What is required - From the first line of the data below, repeat each line exactly until you reach the line with "gone : gcar;"; include that line too.

Provided entries -
# # #
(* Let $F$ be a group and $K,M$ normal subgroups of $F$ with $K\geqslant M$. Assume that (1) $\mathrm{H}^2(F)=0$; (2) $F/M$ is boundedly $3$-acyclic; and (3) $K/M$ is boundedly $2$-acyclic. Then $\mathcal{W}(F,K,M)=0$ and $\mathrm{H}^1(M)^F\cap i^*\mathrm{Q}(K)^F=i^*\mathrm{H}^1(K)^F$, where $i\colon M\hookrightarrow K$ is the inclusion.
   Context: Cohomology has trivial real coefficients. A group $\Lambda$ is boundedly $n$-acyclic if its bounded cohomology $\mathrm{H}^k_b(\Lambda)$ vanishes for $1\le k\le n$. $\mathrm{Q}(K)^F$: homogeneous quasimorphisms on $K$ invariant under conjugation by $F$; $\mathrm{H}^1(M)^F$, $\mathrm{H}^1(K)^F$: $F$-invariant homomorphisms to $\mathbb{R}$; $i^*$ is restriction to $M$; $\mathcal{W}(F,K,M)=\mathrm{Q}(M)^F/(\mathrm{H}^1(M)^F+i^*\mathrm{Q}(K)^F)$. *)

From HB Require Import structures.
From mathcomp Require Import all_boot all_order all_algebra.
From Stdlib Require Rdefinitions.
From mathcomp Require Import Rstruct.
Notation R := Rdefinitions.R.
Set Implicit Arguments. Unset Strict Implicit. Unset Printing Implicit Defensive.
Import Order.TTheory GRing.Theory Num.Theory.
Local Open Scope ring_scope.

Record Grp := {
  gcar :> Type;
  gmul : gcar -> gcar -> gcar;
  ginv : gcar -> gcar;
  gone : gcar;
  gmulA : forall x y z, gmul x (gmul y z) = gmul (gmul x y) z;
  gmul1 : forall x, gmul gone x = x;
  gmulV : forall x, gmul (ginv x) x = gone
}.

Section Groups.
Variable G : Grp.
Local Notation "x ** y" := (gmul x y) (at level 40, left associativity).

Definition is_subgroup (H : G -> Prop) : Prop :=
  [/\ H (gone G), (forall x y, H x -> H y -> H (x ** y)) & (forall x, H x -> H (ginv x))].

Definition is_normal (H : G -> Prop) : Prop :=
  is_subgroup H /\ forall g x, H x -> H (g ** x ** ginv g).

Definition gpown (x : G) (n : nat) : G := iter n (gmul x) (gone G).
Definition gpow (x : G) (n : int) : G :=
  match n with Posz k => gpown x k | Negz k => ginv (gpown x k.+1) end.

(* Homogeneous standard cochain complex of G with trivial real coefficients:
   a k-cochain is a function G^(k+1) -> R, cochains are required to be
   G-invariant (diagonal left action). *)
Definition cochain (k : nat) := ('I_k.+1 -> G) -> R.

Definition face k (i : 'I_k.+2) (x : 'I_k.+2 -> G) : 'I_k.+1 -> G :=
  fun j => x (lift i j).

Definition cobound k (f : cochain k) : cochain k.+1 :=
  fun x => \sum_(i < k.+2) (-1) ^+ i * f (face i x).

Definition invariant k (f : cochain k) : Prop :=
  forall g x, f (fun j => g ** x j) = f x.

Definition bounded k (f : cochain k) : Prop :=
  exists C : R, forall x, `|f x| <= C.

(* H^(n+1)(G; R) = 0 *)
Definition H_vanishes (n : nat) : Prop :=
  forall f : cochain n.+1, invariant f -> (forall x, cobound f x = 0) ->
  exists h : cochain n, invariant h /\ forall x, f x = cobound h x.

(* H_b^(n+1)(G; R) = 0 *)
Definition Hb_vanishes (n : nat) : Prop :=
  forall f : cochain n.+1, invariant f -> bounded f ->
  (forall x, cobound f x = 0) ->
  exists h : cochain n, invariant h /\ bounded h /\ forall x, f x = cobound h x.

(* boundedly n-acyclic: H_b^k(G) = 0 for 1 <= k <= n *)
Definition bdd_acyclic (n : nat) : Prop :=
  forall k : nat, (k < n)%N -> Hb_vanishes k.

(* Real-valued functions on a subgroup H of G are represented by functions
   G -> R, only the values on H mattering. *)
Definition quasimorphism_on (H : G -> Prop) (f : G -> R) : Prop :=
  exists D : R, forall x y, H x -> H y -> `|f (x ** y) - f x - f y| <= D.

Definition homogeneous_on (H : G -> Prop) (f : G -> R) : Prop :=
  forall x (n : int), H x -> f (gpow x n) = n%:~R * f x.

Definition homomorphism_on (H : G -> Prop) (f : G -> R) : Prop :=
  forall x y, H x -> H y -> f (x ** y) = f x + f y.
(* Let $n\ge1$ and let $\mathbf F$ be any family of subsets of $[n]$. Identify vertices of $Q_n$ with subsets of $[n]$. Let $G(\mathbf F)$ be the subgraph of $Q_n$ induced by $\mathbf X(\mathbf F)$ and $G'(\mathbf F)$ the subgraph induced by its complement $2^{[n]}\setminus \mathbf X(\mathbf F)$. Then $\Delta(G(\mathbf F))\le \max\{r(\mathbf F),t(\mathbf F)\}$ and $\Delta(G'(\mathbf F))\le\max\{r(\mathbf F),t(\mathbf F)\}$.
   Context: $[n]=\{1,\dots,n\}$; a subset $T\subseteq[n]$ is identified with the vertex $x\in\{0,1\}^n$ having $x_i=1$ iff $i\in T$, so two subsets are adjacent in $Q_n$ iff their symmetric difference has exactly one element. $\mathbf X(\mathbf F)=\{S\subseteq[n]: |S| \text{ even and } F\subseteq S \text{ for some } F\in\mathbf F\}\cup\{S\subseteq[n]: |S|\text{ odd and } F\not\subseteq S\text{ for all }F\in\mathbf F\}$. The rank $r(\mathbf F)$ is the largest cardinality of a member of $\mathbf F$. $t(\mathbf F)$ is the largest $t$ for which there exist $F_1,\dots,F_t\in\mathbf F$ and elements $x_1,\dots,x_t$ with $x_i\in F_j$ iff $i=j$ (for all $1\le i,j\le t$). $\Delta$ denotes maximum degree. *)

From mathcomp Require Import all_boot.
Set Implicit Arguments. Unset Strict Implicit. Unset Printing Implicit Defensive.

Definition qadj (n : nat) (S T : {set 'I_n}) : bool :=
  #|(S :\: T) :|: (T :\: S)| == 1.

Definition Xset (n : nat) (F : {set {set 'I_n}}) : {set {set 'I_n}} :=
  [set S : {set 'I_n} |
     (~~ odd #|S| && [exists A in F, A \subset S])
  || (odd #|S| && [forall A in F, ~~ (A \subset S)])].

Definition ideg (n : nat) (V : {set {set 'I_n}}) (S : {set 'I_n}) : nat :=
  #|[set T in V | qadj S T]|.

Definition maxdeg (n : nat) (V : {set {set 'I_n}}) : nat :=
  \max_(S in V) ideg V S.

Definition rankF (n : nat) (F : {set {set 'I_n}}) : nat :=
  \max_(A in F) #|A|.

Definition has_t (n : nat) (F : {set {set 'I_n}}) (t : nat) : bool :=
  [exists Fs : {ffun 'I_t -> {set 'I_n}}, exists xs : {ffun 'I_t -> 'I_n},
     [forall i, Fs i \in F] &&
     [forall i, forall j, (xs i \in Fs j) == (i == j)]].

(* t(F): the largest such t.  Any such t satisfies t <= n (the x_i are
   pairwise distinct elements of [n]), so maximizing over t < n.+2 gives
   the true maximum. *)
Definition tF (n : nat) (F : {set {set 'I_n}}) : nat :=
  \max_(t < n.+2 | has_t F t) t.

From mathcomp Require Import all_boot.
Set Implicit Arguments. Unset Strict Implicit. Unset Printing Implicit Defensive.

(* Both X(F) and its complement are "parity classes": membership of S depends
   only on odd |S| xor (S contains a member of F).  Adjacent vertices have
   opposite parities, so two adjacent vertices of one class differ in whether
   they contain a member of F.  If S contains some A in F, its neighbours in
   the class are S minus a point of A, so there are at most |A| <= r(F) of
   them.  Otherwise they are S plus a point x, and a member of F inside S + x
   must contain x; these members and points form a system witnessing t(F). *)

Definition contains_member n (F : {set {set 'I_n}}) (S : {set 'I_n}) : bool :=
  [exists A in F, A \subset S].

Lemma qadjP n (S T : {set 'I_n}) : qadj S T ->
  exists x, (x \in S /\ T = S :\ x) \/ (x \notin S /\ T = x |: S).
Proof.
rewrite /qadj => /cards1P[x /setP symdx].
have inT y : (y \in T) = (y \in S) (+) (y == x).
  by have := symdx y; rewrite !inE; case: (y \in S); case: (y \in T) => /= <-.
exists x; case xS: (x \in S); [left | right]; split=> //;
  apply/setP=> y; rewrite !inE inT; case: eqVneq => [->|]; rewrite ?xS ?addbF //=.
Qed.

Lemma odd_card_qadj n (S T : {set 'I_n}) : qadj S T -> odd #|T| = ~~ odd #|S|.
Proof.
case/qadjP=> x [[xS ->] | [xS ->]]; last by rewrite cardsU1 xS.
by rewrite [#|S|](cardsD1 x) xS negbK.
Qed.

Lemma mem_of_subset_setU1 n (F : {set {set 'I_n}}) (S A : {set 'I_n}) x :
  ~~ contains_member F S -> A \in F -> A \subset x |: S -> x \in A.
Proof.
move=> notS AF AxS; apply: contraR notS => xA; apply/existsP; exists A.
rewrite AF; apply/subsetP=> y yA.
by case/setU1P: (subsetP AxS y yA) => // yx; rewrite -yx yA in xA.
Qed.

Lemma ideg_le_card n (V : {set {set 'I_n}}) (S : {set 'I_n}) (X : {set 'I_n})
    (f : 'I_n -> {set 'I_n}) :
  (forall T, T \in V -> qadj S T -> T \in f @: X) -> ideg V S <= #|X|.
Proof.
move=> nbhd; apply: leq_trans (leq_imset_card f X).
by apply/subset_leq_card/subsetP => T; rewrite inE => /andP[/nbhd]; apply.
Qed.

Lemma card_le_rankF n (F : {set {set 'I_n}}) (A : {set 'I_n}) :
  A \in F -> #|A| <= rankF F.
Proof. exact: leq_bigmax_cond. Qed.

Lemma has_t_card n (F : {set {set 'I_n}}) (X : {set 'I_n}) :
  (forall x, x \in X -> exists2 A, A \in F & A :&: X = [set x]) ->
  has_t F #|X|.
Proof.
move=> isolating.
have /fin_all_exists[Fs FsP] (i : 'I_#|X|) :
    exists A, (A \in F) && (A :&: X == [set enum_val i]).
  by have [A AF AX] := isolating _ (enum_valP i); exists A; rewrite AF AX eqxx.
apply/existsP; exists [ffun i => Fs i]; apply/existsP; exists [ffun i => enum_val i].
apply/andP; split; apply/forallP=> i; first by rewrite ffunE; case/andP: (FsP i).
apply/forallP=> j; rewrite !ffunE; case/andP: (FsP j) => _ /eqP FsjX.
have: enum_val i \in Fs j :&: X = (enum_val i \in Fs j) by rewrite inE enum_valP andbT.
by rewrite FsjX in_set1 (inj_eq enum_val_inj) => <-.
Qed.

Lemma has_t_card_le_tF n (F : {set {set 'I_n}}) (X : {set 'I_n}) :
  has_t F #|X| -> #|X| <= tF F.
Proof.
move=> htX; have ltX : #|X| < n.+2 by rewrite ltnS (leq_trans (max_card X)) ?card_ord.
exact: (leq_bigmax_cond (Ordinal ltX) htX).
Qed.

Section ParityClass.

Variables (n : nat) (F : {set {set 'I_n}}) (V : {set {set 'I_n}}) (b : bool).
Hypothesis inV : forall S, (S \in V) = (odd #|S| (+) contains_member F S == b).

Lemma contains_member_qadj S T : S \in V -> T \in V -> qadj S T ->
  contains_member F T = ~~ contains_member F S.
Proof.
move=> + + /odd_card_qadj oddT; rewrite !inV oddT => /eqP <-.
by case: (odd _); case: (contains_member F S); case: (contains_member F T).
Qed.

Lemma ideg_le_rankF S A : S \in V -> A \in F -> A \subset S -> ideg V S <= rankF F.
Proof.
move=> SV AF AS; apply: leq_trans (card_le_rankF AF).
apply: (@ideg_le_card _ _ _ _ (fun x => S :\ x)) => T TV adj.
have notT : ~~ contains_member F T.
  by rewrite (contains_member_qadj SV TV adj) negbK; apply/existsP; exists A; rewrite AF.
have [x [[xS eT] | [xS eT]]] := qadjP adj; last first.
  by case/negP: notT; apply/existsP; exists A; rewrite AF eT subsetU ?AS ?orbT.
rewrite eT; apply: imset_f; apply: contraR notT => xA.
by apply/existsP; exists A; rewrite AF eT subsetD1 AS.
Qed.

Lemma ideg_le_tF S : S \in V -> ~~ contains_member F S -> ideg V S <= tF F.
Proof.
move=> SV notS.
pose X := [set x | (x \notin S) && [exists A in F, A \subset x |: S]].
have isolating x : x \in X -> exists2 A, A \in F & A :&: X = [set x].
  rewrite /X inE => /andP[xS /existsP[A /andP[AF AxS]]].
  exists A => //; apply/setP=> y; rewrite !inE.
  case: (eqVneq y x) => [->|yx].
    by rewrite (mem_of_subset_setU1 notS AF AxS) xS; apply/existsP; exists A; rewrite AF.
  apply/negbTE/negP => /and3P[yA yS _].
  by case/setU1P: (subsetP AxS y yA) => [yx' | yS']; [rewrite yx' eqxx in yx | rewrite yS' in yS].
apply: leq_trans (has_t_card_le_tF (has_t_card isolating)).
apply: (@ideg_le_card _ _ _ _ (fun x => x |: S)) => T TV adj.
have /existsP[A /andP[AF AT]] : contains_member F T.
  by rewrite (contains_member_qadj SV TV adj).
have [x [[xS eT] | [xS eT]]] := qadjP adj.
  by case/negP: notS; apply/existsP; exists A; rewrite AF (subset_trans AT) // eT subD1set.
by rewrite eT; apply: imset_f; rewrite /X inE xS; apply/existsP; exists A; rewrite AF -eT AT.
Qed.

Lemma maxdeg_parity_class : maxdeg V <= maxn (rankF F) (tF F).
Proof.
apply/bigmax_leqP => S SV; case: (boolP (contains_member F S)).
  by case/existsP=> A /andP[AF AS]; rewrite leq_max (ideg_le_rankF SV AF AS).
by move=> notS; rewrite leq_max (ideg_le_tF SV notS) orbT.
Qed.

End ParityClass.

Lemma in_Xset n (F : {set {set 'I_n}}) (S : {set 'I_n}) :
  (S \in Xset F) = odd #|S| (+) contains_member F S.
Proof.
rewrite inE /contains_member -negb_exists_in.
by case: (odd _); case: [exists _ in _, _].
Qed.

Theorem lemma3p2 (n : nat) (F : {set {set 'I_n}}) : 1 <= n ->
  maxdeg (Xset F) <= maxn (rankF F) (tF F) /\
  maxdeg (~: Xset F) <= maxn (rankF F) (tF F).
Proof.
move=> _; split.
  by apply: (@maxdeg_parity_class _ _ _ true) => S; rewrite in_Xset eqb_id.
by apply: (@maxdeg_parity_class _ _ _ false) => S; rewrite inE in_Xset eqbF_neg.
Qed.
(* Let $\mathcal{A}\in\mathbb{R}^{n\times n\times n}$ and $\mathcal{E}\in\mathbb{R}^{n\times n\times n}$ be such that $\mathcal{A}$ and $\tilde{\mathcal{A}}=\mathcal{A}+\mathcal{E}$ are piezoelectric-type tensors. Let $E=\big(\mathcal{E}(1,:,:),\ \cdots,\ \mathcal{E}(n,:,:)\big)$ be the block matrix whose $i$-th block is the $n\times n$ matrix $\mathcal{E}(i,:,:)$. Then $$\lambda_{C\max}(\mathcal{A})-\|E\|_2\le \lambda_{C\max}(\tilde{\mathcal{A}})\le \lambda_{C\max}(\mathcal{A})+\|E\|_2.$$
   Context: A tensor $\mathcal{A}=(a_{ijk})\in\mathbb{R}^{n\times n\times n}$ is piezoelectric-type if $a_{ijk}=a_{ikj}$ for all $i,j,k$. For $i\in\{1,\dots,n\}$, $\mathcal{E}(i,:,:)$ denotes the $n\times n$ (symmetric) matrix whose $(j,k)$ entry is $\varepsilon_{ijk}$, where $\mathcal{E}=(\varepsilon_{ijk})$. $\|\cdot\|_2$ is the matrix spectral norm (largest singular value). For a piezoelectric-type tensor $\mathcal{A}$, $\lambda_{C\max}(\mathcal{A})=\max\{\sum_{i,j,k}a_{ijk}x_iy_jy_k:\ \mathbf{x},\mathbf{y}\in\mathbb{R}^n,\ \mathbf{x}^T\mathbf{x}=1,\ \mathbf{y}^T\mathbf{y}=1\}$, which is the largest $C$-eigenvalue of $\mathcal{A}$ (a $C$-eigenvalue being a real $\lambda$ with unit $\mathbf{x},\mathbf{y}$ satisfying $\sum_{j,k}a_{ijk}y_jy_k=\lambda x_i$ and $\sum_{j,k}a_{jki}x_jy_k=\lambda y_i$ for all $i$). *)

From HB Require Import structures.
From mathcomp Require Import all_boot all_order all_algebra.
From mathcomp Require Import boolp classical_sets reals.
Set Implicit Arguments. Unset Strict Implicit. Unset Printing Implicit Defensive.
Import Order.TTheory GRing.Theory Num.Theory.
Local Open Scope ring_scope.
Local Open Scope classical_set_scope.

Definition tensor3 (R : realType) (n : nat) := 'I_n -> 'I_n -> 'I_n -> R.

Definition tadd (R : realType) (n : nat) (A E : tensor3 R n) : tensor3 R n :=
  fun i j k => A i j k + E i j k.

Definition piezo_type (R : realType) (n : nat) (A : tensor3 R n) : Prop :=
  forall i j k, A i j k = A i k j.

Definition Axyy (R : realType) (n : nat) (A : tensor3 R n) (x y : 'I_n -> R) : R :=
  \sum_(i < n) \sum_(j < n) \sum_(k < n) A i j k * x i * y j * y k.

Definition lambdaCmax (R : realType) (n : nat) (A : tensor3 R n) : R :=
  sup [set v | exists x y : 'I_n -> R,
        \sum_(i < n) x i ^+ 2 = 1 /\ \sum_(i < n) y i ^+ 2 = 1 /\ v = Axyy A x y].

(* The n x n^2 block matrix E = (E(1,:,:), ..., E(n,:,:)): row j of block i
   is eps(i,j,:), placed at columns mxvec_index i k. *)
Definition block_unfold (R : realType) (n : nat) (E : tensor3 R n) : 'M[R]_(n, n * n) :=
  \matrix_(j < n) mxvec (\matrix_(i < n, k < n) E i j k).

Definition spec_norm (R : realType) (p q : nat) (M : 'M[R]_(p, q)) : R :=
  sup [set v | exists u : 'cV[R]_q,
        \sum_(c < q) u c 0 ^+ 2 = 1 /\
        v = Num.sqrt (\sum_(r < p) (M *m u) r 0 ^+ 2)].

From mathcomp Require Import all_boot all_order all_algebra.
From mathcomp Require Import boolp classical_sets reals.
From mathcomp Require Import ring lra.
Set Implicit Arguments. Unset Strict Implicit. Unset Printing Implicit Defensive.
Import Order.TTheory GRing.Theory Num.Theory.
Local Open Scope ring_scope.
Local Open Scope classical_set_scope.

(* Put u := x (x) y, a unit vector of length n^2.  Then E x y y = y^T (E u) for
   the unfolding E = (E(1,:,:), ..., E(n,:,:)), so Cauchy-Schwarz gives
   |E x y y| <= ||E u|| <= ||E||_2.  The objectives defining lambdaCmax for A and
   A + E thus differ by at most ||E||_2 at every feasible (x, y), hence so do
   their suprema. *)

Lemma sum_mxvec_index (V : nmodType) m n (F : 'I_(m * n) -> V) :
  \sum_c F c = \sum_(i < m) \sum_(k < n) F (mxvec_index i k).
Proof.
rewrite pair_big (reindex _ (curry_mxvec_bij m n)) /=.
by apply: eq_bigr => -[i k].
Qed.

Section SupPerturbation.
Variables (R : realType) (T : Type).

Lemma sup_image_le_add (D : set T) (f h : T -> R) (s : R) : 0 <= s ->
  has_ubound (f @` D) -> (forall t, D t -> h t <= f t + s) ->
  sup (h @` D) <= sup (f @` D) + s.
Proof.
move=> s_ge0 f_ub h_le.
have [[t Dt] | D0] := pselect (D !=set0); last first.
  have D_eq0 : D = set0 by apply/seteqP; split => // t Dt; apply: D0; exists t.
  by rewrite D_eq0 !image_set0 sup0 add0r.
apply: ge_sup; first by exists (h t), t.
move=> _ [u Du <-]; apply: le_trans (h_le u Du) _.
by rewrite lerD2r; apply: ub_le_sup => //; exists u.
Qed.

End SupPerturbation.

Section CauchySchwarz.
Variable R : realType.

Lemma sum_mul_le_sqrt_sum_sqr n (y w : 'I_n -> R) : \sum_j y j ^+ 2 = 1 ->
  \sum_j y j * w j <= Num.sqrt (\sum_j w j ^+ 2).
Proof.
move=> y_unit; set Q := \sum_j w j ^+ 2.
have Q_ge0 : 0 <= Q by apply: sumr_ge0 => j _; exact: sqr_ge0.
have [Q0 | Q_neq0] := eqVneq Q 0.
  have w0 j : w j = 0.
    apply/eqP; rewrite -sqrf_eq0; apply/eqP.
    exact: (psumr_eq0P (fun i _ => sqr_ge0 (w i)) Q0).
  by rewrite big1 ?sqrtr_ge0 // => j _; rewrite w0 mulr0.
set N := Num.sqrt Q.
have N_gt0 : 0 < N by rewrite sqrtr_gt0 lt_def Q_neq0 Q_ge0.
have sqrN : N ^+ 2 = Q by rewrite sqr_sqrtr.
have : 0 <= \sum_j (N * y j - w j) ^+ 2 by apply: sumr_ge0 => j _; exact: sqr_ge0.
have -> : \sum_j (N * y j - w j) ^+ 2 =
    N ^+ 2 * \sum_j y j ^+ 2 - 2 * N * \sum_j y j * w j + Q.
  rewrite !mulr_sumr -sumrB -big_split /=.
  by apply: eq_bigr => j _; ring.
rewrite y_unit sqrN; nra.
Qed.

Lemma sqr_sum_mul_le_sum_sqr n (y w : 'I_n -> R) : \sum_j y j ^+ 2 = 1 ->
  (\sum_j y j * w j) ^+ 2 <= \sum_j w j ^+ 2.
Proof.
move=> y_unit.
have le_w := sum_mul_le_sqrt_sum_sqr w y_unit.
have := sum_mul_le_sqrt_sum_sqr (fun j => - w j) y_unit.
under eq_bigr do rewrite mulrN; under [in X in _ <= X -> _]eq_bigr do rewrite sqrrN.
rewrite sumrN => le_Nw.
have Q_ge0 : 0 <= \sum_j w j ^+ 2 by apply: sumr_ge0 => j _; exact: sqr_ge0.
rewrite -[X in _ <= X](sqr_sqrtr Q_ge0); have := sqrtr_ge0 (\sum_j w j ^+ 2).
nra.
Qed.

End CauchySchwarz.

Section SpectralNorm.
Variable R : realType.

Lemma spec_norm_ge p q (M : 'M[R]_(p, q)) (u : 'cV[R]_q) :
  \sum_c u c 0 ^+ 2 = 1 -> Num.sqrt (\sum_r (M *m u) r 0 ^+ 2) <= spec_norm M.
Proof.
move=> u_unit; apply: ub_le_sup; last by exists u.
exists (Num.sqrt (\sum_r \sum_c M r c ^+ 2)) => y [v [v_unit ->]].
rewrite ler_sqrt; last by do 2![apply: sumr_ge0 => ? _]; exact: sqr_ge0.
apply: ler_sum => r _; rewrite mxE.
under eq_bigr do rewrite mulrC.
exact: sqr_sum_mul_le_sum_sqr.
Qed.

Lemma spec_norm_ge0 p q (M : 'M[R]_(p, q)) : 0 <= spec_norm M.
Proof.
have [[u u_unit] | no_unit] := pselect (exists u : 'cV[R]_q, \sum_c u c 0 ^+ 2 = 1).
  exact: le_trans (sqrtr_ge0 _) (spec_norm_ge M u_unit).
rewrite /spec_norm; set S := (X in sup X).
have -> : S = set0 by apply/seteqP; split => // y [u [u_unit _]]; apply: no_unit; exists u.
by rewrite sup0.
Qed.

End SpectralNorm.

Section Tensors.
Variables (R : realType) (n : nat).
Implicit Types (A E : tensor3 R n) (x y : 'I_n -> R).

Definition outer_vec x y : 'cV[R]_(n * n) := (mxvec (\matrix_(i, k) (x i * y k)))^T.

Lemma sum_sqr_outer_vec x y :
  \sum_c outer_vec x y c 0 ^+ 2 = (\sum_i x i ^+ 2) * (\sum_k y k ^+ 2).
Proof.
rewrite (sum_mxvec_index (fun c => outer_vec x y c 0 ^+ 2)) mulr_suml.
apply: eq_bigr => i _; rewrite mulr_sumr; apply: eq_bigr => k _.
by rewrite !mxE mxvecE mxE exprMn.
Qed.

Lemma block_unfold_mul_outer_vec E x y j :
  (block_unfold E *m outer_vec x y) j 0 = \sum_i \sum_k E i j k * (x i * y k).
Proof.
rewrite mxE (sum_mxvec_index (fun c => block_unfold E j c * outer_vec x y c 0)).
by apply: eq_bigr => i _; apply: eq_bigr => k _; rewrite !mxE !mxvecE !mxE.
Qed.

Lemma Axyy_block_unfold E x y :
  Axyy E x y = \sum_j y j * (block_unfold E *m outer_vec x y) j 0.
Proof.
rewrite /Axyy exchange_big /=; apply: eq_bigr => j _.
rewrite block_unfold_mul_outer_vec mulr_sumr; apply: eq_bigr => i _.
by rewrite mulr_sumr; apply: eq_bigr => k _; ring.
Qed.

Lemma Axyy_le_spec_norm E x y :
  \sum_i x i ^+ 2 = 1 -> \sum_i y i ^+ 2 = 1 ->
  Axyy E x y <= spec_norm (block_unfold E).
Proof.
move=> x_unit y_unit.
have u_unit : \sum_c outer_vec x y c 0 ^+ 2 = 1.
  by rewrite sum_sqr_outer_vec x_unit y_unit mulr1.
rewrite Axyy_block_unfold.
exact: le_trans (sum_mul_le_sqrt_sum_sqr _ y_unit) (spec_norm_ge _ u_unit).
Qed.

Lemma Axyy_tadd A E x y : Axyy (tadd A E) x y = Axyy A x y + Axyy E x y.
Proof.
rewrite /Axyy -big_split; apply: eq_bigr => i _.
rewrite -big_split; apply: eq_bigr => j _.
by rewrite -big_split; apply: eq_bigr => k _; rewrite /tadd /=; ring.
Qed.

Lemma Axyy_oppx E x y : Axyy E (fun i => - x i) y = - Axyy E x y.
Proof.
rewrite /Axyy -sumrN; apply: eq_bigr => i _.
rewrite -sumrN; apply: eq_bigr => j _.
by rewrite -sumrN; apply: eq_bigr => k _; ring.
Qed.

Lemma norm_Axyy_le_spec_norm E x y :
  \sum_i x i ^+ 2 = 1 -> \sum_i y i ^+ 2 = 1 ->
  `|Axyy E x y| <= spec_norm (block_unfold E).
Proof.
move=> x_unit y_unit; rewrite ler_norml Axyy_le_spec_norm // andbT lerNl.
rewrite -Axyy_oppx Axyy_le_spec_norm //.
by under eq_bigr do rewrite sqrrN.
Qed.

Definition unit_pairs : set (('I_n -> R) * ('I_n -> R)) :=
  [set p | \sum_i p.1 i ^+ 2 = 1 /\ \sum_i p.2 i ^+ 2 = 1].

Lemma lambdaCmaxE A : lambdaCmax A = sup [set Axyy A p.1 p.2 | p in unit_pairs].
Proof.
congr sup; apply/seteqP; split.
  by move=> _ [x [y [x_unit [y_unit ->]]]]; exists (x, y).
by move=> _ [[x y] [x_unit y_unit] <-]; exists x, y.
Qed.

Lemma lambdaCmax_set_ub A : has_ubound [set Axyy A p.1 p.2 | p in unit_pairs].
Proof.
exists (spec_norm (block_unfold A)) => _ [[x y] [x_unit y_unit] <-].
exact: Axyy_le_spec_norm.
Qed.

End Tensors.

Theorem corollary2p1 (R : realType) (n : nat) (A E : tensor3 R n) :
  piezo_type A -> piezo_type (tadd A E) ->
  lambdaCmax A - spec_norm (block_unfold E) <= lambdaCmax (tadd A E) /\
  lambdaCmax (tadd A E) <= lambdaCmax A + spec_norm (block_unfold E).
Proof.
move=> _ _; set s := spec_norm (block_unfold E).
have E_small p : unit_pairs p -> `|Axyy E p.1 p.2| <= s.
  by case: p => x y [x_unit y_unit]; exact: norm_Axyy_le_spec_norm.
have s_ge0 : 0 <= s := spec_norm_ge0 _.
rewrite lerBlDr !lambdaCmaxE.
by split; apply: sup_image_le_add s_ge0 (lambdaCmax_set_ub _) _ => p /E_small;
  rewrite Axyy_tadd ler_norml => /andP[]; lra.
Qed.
# # #
Solution to the exercise -
(* Let $F$ be a group and $K,M$ normal subgroups of $F$ with $K\geqslant M$. Assume that (1) $\mathrm{H}^2(F)=0$; (2) $F/M$ is boundedly $3$-acyclic; and (3) $K/M$ is boundedly $2$-acyclic. Then $\mathcal{W}(F,K,M)=0$ and $\mathrm{H}^1(M)^F\cap i^*\mathrm{Q}(K)^F=i^*\mathrm{H}^1(K)^F$, where $i\colon M\hookrightarrow K$ is the inclusion.
   Context: Cohomology has trivial real coefficients. A group $\Lambda$ is boundedly $n$-acyclic if its bounded cohomology $\mathrm{H}^k_b(\Lambda)$ vanishes for $1\le k\le n$. $\mathrm{Q}(K)^F$: homogeneous quasimorphisms on $K$ invariant under conjugation by $F$; $\mathrm{H}^1(M)^F$, $\mathrm{H}^1(K)^F$: $F$-invariant homomorphisms to $\mathbb{R}$; $i^*$ is restriction to $M$; $\mathcal{W}(F,K,M)=\mathrm{Q}(M)^F/(\mathrm{H}^1(M)^F+i^*\mathrm{Q}(K)^F)$. *)

From HB Require Import structures.
From mathcomp Require Import all_boot all_order all_algebra.
From Stdlib Require Rdefinitions.
From mathcomp Require Import Rstruct.
Notation R := Rdefinitions.R.
Set Implicit Arguments. Unset Strict Implicit. Unset Printing Implicit Defensive.
Import Order.TTheory GRing.Theory Num.Theory.
Local Open Scope ring_scope.

Record Grp := {
  gcar :> Type;
  gmul : gcar -> gcar -> gcar;
  ginv : gcar -> gcar;
  gone : gcar;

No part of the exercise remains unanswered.